Кончив свой доклад о "победе" под Остроленкой, вождь огляделся кругом.
Почти все сидели, поникнув головой, никто не заговорил.
— Паны не возражают, значит, им все ясно и понятно! Так прошу передать и Ржонду. А теперь от себя — прошу еще кое-что… Конечно, я бы мог своей волей… Мог бы даже арестовать немедля… отнять шпагу и предать военному суду этого предателя… но я…
— Предателя?.. Шпагу!.. Под суд? Кого?.. У кого? За что? — раздался один общий возглас.

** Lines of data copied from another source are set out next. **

Lemma residue_ofP u : u \in regulars R -> residue_of u \in A /\ u - residue_of u \in m.
Proof.
move=> u_reg; have um : u \notin m by apply: contraL u_reg; apply: maximal_nonregular.
have [a aA uam] := residues_cover m_ideal um.
by rewrite /residue_of; case: pickP => [b /andP[]|/(_ a)] //; rewrite aA uam.
Qed.

Definition unit_part (u : R) : R := u * reg_inv (residue_lift (residue_of u)).

Lemma unit_partP u : u \in regulars R ->
  unit_part u \in principal_units /\ residue_lift (residue_of u) * unit_part u = u.
Proof.
move=> u_reg; have [aA uam] := residue_ofP u_reg.
rewrite /unit_part; set a := residue_of u in aA uam *; set h := residue_lift a.
have hh' := mulr_reg_inv (residue_lift_regular aA); rewrite -/h in hh'.
split; last by rewrite mulrCA hh' mulr1.
rewrite inE regularM ?reg_inv_regular ?residue_lift_regular //=.
have -> : u * reg_inv h - 1 = (u - h) * reg_inv h by rewrite mulrBl hh'.
apply: idealMr => //; have -> : u - h = (u - a) - (h - a) by ring.
by apply: idealB => //; rewrite /h residue_lift_sub.
Qed.

Lemma residue_lift_mulr_inj a b k l : a \in A -> b \in A ->
  k \in principal_units -> l \in principal_units ->
  residue_lift a * k = residue_lift b * l -> a = b /\ k = l.
Proof.
move=> aA bA; rewrite !inE => /andP[_ k1] /andP[_ l1] eq_hk.
have lift_mod c j : c \in A -> j - 1 \in m -> residue_lift c * j - c \in m.
  move=> cA j1.
  have -> : residue_lift c * j - c = (residue_lift c - c) * j + c * (j - 1) by ring.
  apply: (idealD m_ideal); last exact: (idealMl m_ideal).
  by apply: (idealMr m_ideal); apply: residue_lift_sub.
have ab : a = b.
  apply: (residues_inj m_ideal) => //.
  have -> : a - b = (residue_lift b * l - b) - (residue_lift a * k - a) by rewrite -eq_hk; ring.
  by apply: idealB => //; apply: lift_mod.
split=> //; subst b.
have := congr1 ( *%R (reg_inv (residue_lift a))) eq_hk.
by rewrite !mulrA [reg_inv _ * _]mulrC mulr_reg_inv ?residue_lift_regular // !mul1r.
Qed.

Lemma card_regulars : #|regulars R| = (#|A| * #|principal_units|)%N.
Proof.
have -> : regulars R = [set residue_lift p.1 * p.2 | p in setX A principal_units].
  apply/setP => u; apply/idP/imsetP => [u_reg|[[a k] /setXP[aA kK] ->]].
    have [aA _] := residue_ofP u_reg; have [kK hk] := unit_partP u_reg.
    by exists (residue_of u, unit_part u); [apply/setXP | rewrite hk].
  by apply: regularM; [apply: residue_lift_regular | apply: principal_unit_regular].
rewrite card_in_imset ?cardsX // => -[a k] [b l] /setXP[aA kK] /setXP[bA lK] /= eq_hk.
by have [-> ->] := residue_lift_mulr_inj aA bA kK lK eq_hk.
Qed.

Definition colour (u : R) : nat := index (unit_part u) (enum principal_units).

Lemma colour_proper : proper_coloring #|principal_units| colour.
Proof.
split=> [u u_reg|x y x_reg y_reg /andP[xy xy_zd]].
  by rewrite /colour cardE index_mem mem_enum; case: (unit_partP u_reg).
apply/eqP => colour_xy.
have [kx hx] := unit_partP x_reg; have [ky hy] := unit_partP y_reg.
have eq_k : unit_part x = unit_part y.
  by move: colour_xy; apply: (index_inj 0); rewrite mem_enum.
have [eq_a|neq_a] := eqVneq (residue_of x) (residue_of y).
  by move/eqP: xy; apply; rewrite -hx -hy eq_a eq_k.
move: xy_zd; rewrite zero_divisorsE -hx -hy eq_k -mulrDl => /negP; apply.
apply: regularM; last exact: principal_unit_regular.
by apply: residue_liftD_regular; rewrite // ?(residue_ofP x_reg).1 ?(residue_ofP y_reg).1.
Qed.

End Theorem20.

Unset Implicit Arguments.

Theorem theorem20 (R : finComNzRingType) (m : {set R}) :
  is_maximal_ideal m ->
  (forall m' : {set R}, is_maximal_ideal m' -> (#|m'| <= #|m|)%N) ->
  quot_char m 2 ->
  let q := #|quot_cosets m| in
  let n := (#|regulars R| %/ (q - 1))%N in
  #|regulars R| = (n * (q - 1))%N /\
  is_chromatic_number R n /\ is_clique_number R n.
Proof.
move=> m_max m_largest [_ [m_char2 _]] q n.
have [m_ideal m1 _] := m_max.
have [a a_res _] := residues_cover m_ideal m1.
have res_gt0 : (0 < #|residues m|)%N by apply/card_gt0P; exists a.
have res_card : #|residues m| = (q - 1)%N by apply: card_residues.
have reg_card := card_regulars m_max m_largest m_char2.
have -> : n = #|principal_units m| by rewrite /n reg_card res_card mulKn // -res_card.
have K_clique := principal_units_clique m_max m_char2.
have K_colourable : colorable R #|principal_units m|.
  by exists (colour m); apply: colour_proper.
rewrite reg_card res_card mulnC; split=> //; split; split.
- exact: K_colourable.
- by move=> k; apply: card_clique_le K_clique.
- by exists (principal_units m).
- by move=> S S_clique; apply: card_clique_le S_clique K_colourable.
Qed.
Lemma det_mxsub_perm n (s : 'S_n) (B : 'M[R]_n) : \det (mxsub s s B) = \det B.
Proof.
have -> : mxsub s s B = row_perm s (col_perm s B) by apply/matrixP => x y; rewrite !mxE.
rewrite row_permE col_permE !det_mulmx !det_perm odd_permV.
by rewrite mulrCA -signr_addb addbb expr0 mulr1.
Qed.

Lemma det_castmx n n' (e : n = n') (A : 'M[R]_n) : \det (castmx (e, e) A) = \det A.
Proof. by case: n' / e. Qed.

Lemma det_mxsub_codom N k (B : 'M[R]_N) (h : 'I_k -> 'I_N) : injective h ->
  (forall x y, x \notin codom h -> B x y = (x == y)%:R) ->
  (forall x y, y \notin codom h -> B x y = (x == y)%:R) ->
  \det B = \det (mxsub h h B).
Proof.
move=> h_inj Bx By.
have [e [s [s_lshift s_rshift]]] := perm_codom_first h_inj.
have s_neq a b : h a != s (cast_ord e (rshift k b)).
  by apply: contraNneq (s_rshift b) => <-; apply: codom_f.
rewrite -(det_mxsub_perm s B) -(det_castmx (esym e)).
have -> : castmx (esym e, esym e) (mxsub s s B) = block_mx (mxsub h h B) 0 0 1%:M.
  apply/matrixP => i j; rewrite castmxE /= esymK.
  case: (split_ordP i) => a ->; case: (split_ordP j) => b ->.
  - by rewrite block_mxEul !mxE !s_lshift.
  - by rewrite block_mxEur !mxE s_lshift By // (negbTE (s_neq a b)).
  - by rewrite block_mxEdl !mxE s_lshift Bx // eq_sym (negbTE (s_neq b a)).
  - rewrite block_mxEdr !mxE Bx // (inj_eq perm_inj) (inj_eq (@cast_ord_inj _ _ _)).
    by rewrite eq_rshift.
by rewrite det_ublock det1 mulr1.
Qed.

Variables (N : nat) (J : finType) (key : 'I_N -> J) (M : 'M[R]_N).
Hypothesis M_block : forall x y, key x != key y -> M x y = 0.

Definition keep_blocks (s : seq J) : 'M[R]_N :=
  \matrix_(x, y) if key x \in s then M x y else (x == y)%:R.

Lemma keep_blocks_cons j s : j \notin s ->
  keep_blocks (j :: s) = keep_blocks s *m keep_blocks [:: j].
Proof.
move=> js; apply/matrixP => x y; rewrite !mxE inE.
case hx: (key x \in s).
  have -> : key x == j = false by apply/negbTE; apply: contraNneq js => <-.
  transitivity ((M *m 1%:M) x y); first by rewrite mulmx1.
  rewrite !mxE; apply: eq_bigr => z _; rewrite !mxE hx inE.
  case: (key z =P j) => kz //.
  by rewrite M_block ?mul0r // kz; apply: contraTneq hx => ->.
rewrite orbF; transitivity ((1%:M *m keep_blocks [:: j]) x y).
  by rewrite mul1mx !mxE inE.
by rewrite !mxE; apply: eq_bigr => z _; rewrite !mxE hx.
Qed.
(* Let $p\geq 2$ and let $T$ be the (geometric realization of the) regular rooted tree in which the root has valence $p$ and every other vertex has valence $p+1$, equipped with its usual topology. Let $\mathcal{D}_T$ be the embedded wire diffeology on $T$. Then the D-topology of the diffeological space $(T,\mathcal{D}_T)$ coincides with the usual topology of $T$.
   Context: Fix a finite alphabet $A$ with $|A|=p\geq 2$. The vertices of $T$ are the finite words over $A$ (the root is the empty word); two vertices are joined by an edge iff they have the form $a_1\dots a_n$ and $a_1\dots a_na_{n+1}$. As a topological space, $T$ is the 1-dimensional CW complex obtained by realizing each edge as a copy of $[0,1]$ glued at its endpoint vertices, with its usual (CW) topology. A diffeology on a set $X$ is a collection of maps $U\to X$ (''plots''), $U$ ranging over open subsets of all $\mathbb{R}^n$, containing all constant maps, closed under precomposition with smooth maps between open subsets of Euclidean spaces, and satisfying the sheaf condition (a map that is locally a plot is a plot). The diffeology generated by a set $\mathcal{A}$ of maps into $X$ is the smallest diffeology containing $\mathcal{A}$; its plots are the maps $f:V\to X$ such that $V$ has an open cover on each member of which $f$ is either constant or factors as $g\circ h$ with $g\in\mathcal{A}$ and $h$ smooth. The embedded wire diffeology $\mathcal{D}_T$ is the diffeology on $T$ generated by all maps $\gamma:\mathbb{R}\to T$ that are injective, continuous, and homeomorphisms onto their images. The D-topology of a diffeological space $X$ is the topology in which $S\subseteq X$ is open iff $P^{-1}(S)$ is open for every plot $P$ of $X$. *)

From HB Require Import structures.
From mathcomp Require Import all_boot all_order all_algebra.
From mathcomp Require Import all_classical all_reals all_analysis.
Set Implicit Arguments. Unset Strict Implicit. Unset Printing Implicit Defensive.
Import Order.TTheory GRing.Theory Num.Theory.
Import numFieldNormedType.Exports.
Local Open Scope classical_set_scope.
Local Open Scope ring_scope.

Section Tree.
Variables (R : realType) (A : finType).

(* Raw points of the geometric realization of the rooted tree over A.
   [Root] is the root vertex; [Pt w a t] (0 < t <= 1) is the point at
   parameter t on the edge joining the vertex w to the vertex rcons w a
   (t = 1 is the vertex rcons w a).  Each point has exactly one such
   representation. *)
Inductive tpt := Root | Pt of seq A & A & R.

Definition tvalid (x : tpt) : bool :=
  match x with Root => true | Pt _ _ t => (0 < t) && (t <= 1) end.

Definition tree := {x : tpt | tvalid x}.

Definition troot : tree := exist (fun x => tvalid x) Root isT.

Definition tvertex (w : seq A) : tree :=
  match rev w with
  | [::] => troot
  | b :: ru => insubd troot (Pt (rev ru) b 1)
  end.

(* characteristic map [0,1] -> T of the edge from w to rcons w a
   (values outside [0,1] are irrelevant) *)
Definition edge_map (w : seq A) (a : A) (t : R) : tree :=
  if 0 < t then insubd (tvertex (rcons w a)) (Pt w a t) else tvertex w.

(* The usual (CW / weak) topology of T: U is open iff its preimage under
   each characteristic map of a closed edge is open in [0,1]. *)
Definition tree_open (U : set tree) : Prop :=
  forall (w : seq A) (a : A) (s : R), 0 <= s <= 1 -> U (edge_map w a s) ->
    exists2 e : R, 0 < e &
      forall s' : R, 0 <= s' <= 1 -> `|s' - s| < e -> U (edge_map w a s').

Definition tree_continuous (g : R -> tree) : Prop :=
  forall U : set tree, tree_open U -> open (g @^-1` U).

Definition embedded_wire (g : R -> tree) : Prop :=
  [/\ injective g, tree_continuous g &
      (* homeomorphism onto its image (with the subspace topology) *)
      forall O : set R, open O ->
        exists2 U : set tree, tree_open U & g @` O = U `&` range g].

End Tree.

Section Diffeology.
Variable R : realType.

Fixpoint iter_dder (n : nat) (vs : seq 'rV[R]_n) (f : 'rV[R]_n -> R)
  : 'rV[R]_n -> R :=
  match vs with
  | [::] => f
  | v :: vs' => fun x => 'D_v (iter_dder vs' f) x
  end.

Definition smooth_on (n : nat) (W : set 'rV[R]_n) (f : 'rV[R]_n -> R) : Prop :=
  forall vs : seq 'rV[R]_n,
    (forall x, W x -> {for x, continuous (iter_dder vs f)}) /\
    (forall (v x : 'rV[R]_n), W x -> derivable (iter_dder vs f) x v).

(* Plots of the diffeology generated by a family G of maps R -> X:
   P : U -> X (U open in R^n; values of P outside U are irrelevant) is a plot
   iff U has an open cover on each member of which P is constant or of the
   form g o h with g in G and h smooth. *)
Definition gen_plot (X : Type) (G : set (R -> X)) (n : nat)
    (U : set 'rV[R]_n) (P : 'rV[R]_n -> X) : Prop :=
  forall x, U x -> exists W : set 'rV[R]_n,
    [/\ open W, W `<=` U, W x &
      (exists c : X, forall y, W y -> P y = c) \/
      (exists (g : R -> X) (h : 'rV[R]_n -> R),
         [/\ G g, smooth_on W h & forall y, W y -> P y = g (h y)])].

Definition D_open (X : Type)
    (plot : forall n : nat, set 'rV[R]_n -> ('rV[R]_n -> X) -> Prop)
    (S : set X) : Prop :=
  forall (n : nat) (U : set 'rV[R]_n) (P : 'rV[R]_n -> X),
    open U -> plot n U P -> open (U `&` P @^-1` S).

End Diffeology.

Definition wire_plot (R : realType) (A : finType) :=
  @gen_plot R (tree R A) (@embedded_wire R A).

From HB Require Import structures.
From mathcomp Require Import all_boot all_order all_algebra.
From mathcomp Require Import all_classical all_reals all_analysis.
From mathcomp Require Import zify lra.
Set Implicit Arguments.
Unset Strict Implicit.
Unset Printing Implicit Defensive.

Import Order.TTheory GRing.Theory Num.Theory.
Import numFieldNormedType.Exports.
Local Open Scope classical_set_scope.
Local Open Scope ring_scope.

(* A CW-open set pulls back to an open set along every continuous map, in
   particular along every plot g \o h (a continuous wire after a smooth map),
   so it is D-open.  Conversely, every edge (w, a) of T lies on an embedded
   wire: pick a letter b <> a (this is where |A| >= 2 is used) and run through
   the vertices w, wa, waa, ... at unit speed for positive times and through
   w, wb, wbb, ... for negative times.  The time can be read back off the
   point, so this line is injective; it is continuous edge by edge; and it is
   a homeomorphism onto its image because any edge not on the line meets it
   at most in an endpoint.  Composed with the coordinate of R^1 it is a plot,
   and restricting the open preimage of a D-open set to the edge (w, a) gives
   the openness condition of the CW topology. *)

Section Coordinate.
Variable R : realType.

Definition coord1 (y : 'rV[R]_1) : R := y ord0 ord0.

Lemma derive_coord1 (v x : 'rV[R]_1) : 'D_v coord1 x = coord1 v.
Proof.
have @f : {linear 'rV[R]_1 -> R}.
  by exists coord1; do 2![eexists]; do ?[constructor];
     rewrite /coord1 ?mxE// => ? *; rewrite ?mxE//; move=> ?; rewrite !mxE.
rewrite (_ : coord1 = f) // deriveE.
  by rewrite diff_lin //; exact: coord_continuous.
exact/linear_differentiable/coord_continuous.
Qed.

Lemma smooth_coord1 : smooth_on setT coord1.
Proof.
have iter_coord1 vs :
    iter_dder vs coord1 = coord1 \/ exists c, iter_dder vs coord1 = cst c.
  elim: vs => [|v vs [IH|[c IH]]] /=; first by left.
    by right; exists (coord1 v); apply/funext => x; rewrite IH derive_coord1.
  by right; exists 0; apply/funext => x; rewrite IH derive_cst.
move=> vs; case: (iter_coord1 vs) => [->|[c ->]]; split.
- by move=> x _; exact: coord_continuous.
- by move=> v x _; exact/diff_derivable/differentiable_coord.
- by move=> x _; exact: cst_continuous.
- by move=> v x _; exact: derivable_cst.
Qed.

Lemma near_const_mx (O : set 'rV[R]_1) (t : R) : open O -> O (const_mx t) ->
  \forall t' \near t, O (const_mx t').
Proof.
rewrite openE => /[apply] /nbhs_ballP[e e0 He]; apply/nbhs_ballP.
by exists e => // t' tt'; apply: He; split => // i j; rewrite !mxE.
Qed.

End Coordinate.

— Круковецкого и… Нет, впрочем, пока — одного Круковецкого… Уминьского прямо отрешу своей властью за низкое поведение под Сероцком. А Круковецкого, который нашел себе сильную защиту, — я отдам под суд… если Ржонд немедленно не сместит его с губернаторства… Не велит подать в отставку… И без пенсии… И без мундира! Обязательно без мундира… чтобы этот интриган, предатель, заговорщик не марал мундира польской армии!.. Да-с. Вот мое последнее слово!
Молчат, поражены члены Ржонда. Лелевель, вообще осторожный с военными, состроил страдальческую гримасу, словно у него неожиданно заныл зуб. Моравский, поэтический, мечтательный, изящный, широко раскрыл глаза… Баржиковский, постарше, сохранил больше всех хладнокровие и спокойствие духа. Только думает: "Что это с нашим "генералом-куклой"? Никогда он еще не был так зол и нагл…"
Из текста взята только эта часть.